> **Work to be completed**
Please filter the listing below and copy out the lines that hold "Habs".

> **Dataset entries**

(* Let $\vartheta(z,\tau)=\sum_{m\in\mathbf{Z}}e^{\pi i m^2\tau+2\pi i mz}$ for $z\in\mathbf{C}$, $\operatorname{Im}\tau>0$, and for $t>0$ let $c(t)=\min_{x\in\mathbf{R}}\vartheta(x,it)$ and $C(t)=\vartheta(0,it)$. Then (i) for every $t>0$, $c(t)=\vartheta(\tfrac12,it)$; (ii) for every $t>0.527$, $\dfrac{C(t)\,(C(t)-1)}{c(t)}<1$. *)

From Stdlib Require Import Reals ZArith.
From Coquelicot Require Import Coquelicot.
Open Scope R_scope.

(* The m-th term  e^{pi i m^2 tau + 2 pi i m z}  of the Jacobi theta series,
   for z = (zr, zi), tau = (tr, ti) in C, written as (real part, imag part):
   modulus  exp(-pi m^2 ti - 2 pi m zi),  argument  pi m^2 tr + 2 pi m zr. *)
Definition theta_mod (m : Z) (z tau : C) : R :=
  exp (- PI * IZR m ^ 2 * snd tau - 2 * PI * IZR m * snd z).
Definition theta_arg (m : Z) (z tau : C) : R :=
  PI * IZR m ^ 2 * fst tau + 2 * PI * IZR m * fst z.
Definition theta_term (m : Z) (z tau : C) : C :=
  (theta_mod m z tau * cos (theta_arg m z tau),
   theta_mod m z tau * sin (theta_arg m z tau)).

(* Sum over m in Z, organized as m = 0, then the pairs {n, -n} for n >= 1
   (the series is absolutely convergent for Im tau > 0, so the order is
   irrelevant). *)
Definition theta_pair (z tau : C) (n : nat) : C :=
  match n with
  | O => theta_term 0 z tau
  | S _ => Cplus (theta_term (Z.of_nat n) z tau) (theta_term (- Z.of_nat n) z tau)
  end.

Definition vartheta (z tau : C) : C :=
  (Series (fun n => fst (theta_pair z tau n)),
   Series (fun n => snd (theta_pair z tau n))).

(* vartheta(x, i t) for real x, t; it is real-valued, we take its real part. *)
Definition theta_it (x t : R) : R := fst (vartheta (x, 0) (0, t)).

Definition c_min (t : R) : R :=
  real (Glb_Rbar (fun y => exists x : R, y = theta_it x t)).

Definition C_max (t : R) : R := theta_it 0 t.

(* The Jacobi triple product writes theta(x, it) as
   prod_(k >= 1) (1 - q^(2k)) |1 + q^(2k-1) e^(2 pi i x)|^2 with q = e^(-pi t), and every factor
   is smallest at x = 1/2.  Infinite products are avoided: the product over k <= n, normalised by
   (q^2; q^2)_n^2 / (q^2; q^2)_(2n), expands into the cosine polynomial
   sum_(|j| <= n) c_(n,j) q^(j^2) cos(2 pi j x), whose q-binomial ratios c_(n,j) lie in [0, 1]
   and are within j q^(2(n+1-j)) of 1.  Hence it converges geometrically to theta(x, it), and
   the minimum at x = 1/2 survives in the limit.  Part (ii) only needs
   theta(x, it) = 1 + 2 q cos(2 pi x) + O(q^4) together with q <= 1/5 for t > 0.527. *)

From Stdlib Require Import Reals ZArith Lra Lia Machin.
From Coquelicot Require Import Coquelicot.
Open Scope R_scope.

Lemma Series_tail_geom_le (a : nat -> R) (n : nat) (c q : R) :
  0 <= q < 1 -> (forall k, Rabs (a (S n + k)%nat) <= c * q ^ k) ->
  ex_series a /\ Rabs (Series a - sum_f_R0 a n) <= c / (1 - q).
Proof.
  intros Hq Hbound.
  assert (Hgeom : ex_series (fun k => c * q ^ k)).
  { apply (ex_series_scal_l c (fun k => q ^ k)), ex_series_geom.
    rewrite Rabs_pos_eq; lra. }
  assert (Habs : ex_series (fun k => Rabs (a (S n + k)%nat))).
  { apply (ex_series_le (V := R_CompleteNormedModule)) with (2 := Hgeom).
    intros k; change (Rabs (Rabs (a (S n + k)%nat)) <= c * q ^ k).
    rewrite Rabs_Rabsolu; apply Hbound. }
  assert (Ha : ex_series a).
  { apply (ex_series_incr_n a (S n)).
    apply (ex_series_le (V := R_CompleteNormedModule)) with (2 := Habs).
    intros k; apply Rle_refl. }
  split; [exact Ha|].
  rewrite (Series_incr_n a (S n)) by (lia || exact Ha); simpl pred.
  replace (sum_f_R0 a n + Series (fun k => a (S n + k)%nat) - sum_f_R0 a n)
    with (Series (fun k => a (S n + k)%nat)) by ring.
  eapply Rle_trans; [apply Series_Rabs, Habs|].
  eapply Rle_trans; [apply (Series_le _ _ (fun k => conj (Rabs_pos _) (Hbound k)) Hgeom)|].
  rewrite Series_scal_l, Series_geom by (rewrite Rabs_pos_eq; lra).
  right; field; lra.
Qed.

> **Response for this exercise**
  assert (Habs : ex_series (fun k => Rabs (a (S n + k)%nat))).
    apply (ex_series_le (V := R_CompleteNormedModule)) with (2 := Habs).
  eapply Rle_trans; [apply Series_Rabs, Habs|].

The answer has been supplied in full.